Beide Interfaces müssen ein gemeinsames Interface erweitern und dieses basisInterface muss als Implementierung aus dem Adapter geschmissen werden.

Die wichtigen Klassen sind alle im Package jaxb definiert.

Und entsprechend in Adapter ist der Adapter.


```
interface IPerson extends IJaxbDelegate
interface IAddress extends IJaxbDelegate

JaxbDelegateImpl implements IJaxbDelegate
PersonImpl extends JaxbDelegateImpl implements IPerson
AddressImpl extends JaxbDelegateImpl implements IAddress

IPersonData extends IPerson, IAddress
PersonDataextends JaxbDelegateImpl implements IPersonData

XmlAdapter von IPersonData nach JaxbDelegateImpl
```

Da alles von JaxbDelegateImpl abgeleitet ist, kannst du es als Supertype aus dem Adapter rauswerfen und halt die passende Implementierung auswählen (je nach Bedingung PersonImpl oder AddressImpl - welche die Daten persistieren).

Die eigentliche Bedingung was geschrieben wird muss in die 2 Methoden des Adapters.


----------



## Andreas29 (2. Dez 2009)

Hi,

das klingt alles gut und sinnvoll und funktioniert auch (wie das Beispiel, das du gepostet hast demonstriert), nur leider ist es nicht das, was ich brauche. Ich habe kein AddressImpl und kein PersonImpl. Ich habe nur ein PersonDataImpl und die beiden Interfaces IAddress und IPerson. Und auf den beiden Interfaces möchte ich das mapping für JAXB unterbringen.
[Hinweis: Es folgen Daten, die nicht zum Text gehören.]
(* Ranking the values of [f] gives a potential bounded by [n], so no chain of
   parents can be [n] steps long. *)
Lemma forest_of_potential F (f : 'I_n -> nat) :
  (forall l k, F l = Some k -> (f k < f l)%N) -> is_forest F.
Proof.
move=> f_dec; pose r v := #|[pred u | (f u < f v)%N]|.
have r_lt v : (r v < n)%N.
  rewrite -[n in (_ < n)%N]card_ord; apply: proper_card; apply/properP.
  by split; [apply/subsetP | exists v; rewrite ?inE ?ltnn].
have r_dec l k : F l = Some k -> (r k < r l)%N.
  move=> /f_dec fkl; apply: proper_card; apply/properP; split.
    by apply/subsetP => u; rewrite !inE => /ltn_trans; apply.
  by exists k; rewrite !inE ?ltnn.
have descent j x y : iter j (parent_step F) (Some x) = Some y -> (r y + j <= r x)%N.
  elim: j y => [|j IH] y /=; first by case=> ->; rewrite addn0.
  case e: (iter j _ _) => [z|] //= /r_dec ryz.
  by have := IH z e; lia.
apply/is_forestP => x; case e: (iter n _ _) => [y|] //.
by have := descent _ _ _ e; have := r_lt x; lia.
Qed.

End ForestOrder.

Section Depth.
Variables (n : nat) (F : pmap_n n).
Hypothesis forestF : is_forest F.

Definition depth (v : 'I_n) : nat :=
  count (fun j => iter j.+1 (parent_step F) (Some v) != None) (iota 0 n).

Lemma depth_parent l k : F l = Some k -> depth l = (depth k).+1.
Proof.
move=> Flk; pose a j := iter j (parent_step F) (Some k) != None.
have -> : depth l = count a (iota 0 n).
  by apply: eq_count => j; rewrite /a iterSr /= Flk.
have -> : depth k = count a (iota 1 n).
  by rewrite -[1%N]addn0 iotaDl count_map; apply: eq_count.
have an : a n = false by rewrite /a (is_forestP _ forestF).
have := congr1 (count a) (iotaD 0 n 1).
by rewrite addn1 /= count_cat /= add0n an !addn0 add1n => <-.
Qed.

End Depth.

Lemma forest_le_forest n (G F : pmap_n n) :
  is_forest G -> forest_le G F -> is_forest F.
Proof.
move=> forestG /forest_leP GF; apply: (forest_of_potential (f := depth G)).
by move=> l k /GF /(depth_parent forestG) ->.
Qed.

Section EdgeToggle.
Variables (n : nat) (A B : pmap_n n) (l0 k0 : 'I_n).
Hypotheses (Al0 : A l0 = None) (Bl0 : B l0 = Some k0).

Definition toggle_edge (H : pmap_n n) : pmap_n n :=
  [ffun l => if l == l0 then
               if H l0 == None then Some k0 else if H l0 == Some k0 then None else H l0
             else H l].

Lemma toggle_edgeK : involutive toggle_edge.
Proof.
move=> H; apply/ffunP => l; rewrite !ffunE; case: eqP => [->|//].
rewrite eqxx; case: (H l0) => [u|] /=; last by rewrite eqxx.
case: (eqVneq u k0) => [->|uk0]; rewrite ?eqxx //=.
have Su : (Some u == Some k0) = false by rewrite (inj_eq (@Some_inj _)) (negbTE uk0).
by rewrite Su /= Su.
Qed.

Let in_interval H := forest_le H A && forest_le B H.

Lemma interval_toggle_cases H : in_interval H -> H l0 = None \/ H l0 = Some k0.
Proof.
case/andP=> _ /forest_leP BH; case Hl0: (H l0) => [u|]; [right | by left].
by have := BH _ _ Hl0; rewrite Bl0 => -[->].
Qed.

Lemma interval_toggle_edge H : in_interval (toggle_edge H) = in_interval H.
Proof.
suff toggle_in H' : in_interval H' -> in_interval (toggle_edge H').
  by apply/idP/idP => /toggle_in //; rewrite toggle_edgeK.
move=> H'_in; have H'l0 := interval_toggle_cases H'_in.
case/andP: H'_in => /forest_leP H'A /forest_leP BH'.
apply/andP; split; apply/forest_leP => l k.
  move=> Alk; have l_l0 : l != l0 by apply/eqP => ll0; rewrite ll0 Al0 in Alk.
  by rewrite ffunE (negbTE l_l0); apply: H'A.
rewrite ffunE; case: eqP => [-> | _]; last exact: BH'.
by case: H'l0 => ->; rewrite /= ?eqxx // Bl0 => -[<-].
Qed.

Lemma odd_nedges_toggle_edge H :
  in_interval H -> odd (nedges (toggle_edge H)) = ~~ odd (nedges H).
Proof.
move=> /interval_toggle_cases Hl0; rewrite /nedges (cardD1 l0) [in RHS](cardD1 l0).
have -> : #|[predD1 [pred l | toggle_edge H l != None] & l0]| =
          #|[predD1 [pred l | H l != None] & l0]|.
  by apply: eq_card => l; rewrite !inE ffunE; case: eqP.
by rewrite !inE ffunE eqxx; case: Hl0 => ->; rewrite /= ?eqxx /= ?negbK.
Qed.

(* The toggle is a sign-reversing involution of the interval. *)
Lemma sum_sign_interval_toggle :
  \sum_(H | forest_le H A && forest_le B H) (-1) ^+ nedges H = 0 :> int.
Proof.
set S := \sum_(H | _) _; have SN : S = - S.
  rewrite {1}/S (reindex_inj (inv_inj toggle_edgeK)) /= -sumrN.
  apply: eq_big => H; first exact: interval_toggle_edge.
  move=> Ht_in; have /odd_nedges_toggle_edge odd_t : in_interval H.
    by rewrite -interval_toggle_edge.
  by rewrite -signr_odd odd_t signrN signr_odd.
by apply/eqP; have := mulrn_eq0 S 2; rewrite mulr2n {1}SN addNr eqxx => /esym.
Qed.

End EdgeToggle.

Lemma signr_subn (a b : nat) : (a <= b)%N -> (-1) ^+ (b - a) = (-1) ^+ b * (-1) ^+ a :> int.
Proof. by move=> ab; rewrite -{2}(subnK ab) exprD -mulrA -expr2 sqrr_sign mulr1. Qed.

Section BooleanInterval.
Variables (n : nat) (A B : pmap_n n).
Hypothesis BA : forest_le B A.

Lemma sum_sign_interval_neq (c : int) :
  A != B -> \sum_(H | forest_le H A && forest_le B H) (-1) ^+ nedges H * c = 0.
Proof.
move=> AB; rewrite -big_distrl /=.
have [l0 Al0 Bl0] : exists2 l0, A l0 = None & B l0 != None.
  case: (pickP (fun l => A l != B l)) => [l0 /eqP ABl0 | AB_eq]; last first.
    by case/eqP: AB; apply/ffunP => l; apply/eqP/negbFE/AB_eq.
  case Al0: (A l0) ABl0 => [k|]; first by rewrite (forest_leP _ _ BA _ _ Al0).
  by exists l0 => //; apply/eqP => Bl0; rewrite Bl0 in ABl0.
case Bl0k : (B l0) Bl0 => [k0|] // _.
by rewrite (sum_sign_interval_toggle Al0 Bl0k) mul0r.
Qed.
Und um das ganze noch ein wenig schwerer zu machen: Sowohl IPerson als auch IAddress haben beide eine Methode getId(), die im Falle von IPerson als <id>1234</id> und im Falle von IAddress als <identifier>1234</identifier> geschrieben werden soll...

Grüße,
Andreas


----------



## Noctarius (2. Dez 2009)

Entweder machst du die 2 Implementierungen einfach oder du nimmst die Lösung die mir heute Nacht eingefallen ist.
Ich habe im Anhang das alte projekt überarbeitet und eine Reihe an "Conditional"-Classes eingefügt welche als Dreh und Angelpunkt den Adapter nutzt.


```
public class JaxbConditionalPersonDataAdapter extends XmlAdapter<ConditionalPersonData, IConditionalPersonData> {

	@Override
	public ConditionalPersonData marshal(IConditionalPersonData arg) throws Exception {
		if (arg.getCity() != null) {
			ConditionalPersonData impl = new ConditionalPersonData();
			
			impl.setId(arg.getId());
			impl.setStreet(arg.getStreet());
			impl.setNumber(arg.getNumber());
			impl.setZipCode(arg.getZipCode());
			impl.setCity(arg.getCity());
			
			return impl;
		} else {
			ConditionalPersonData impl = new ConditionalPersonData();
			
			impl.setId(arg.getId());
			impl.setName(arg.getName());
			impl.setSurname(arg.getSurname());
			impl.setBirthday(arg.getBirthday());
			
			return impl;
		}
	}

	@Override
	public IConditionalPersonData unmarshal(ConditionalPersonData arg) throws Exception {		
		return arg;
	}

}
```

Der komplette Source ist wieder im Anhang zu finden.


----------



## Andreas29 (2. Dez 2009)

Hi,

ich werde wohl die zwei Implementierungen machen. Dürfte wohl das einfachste vorgehen sein.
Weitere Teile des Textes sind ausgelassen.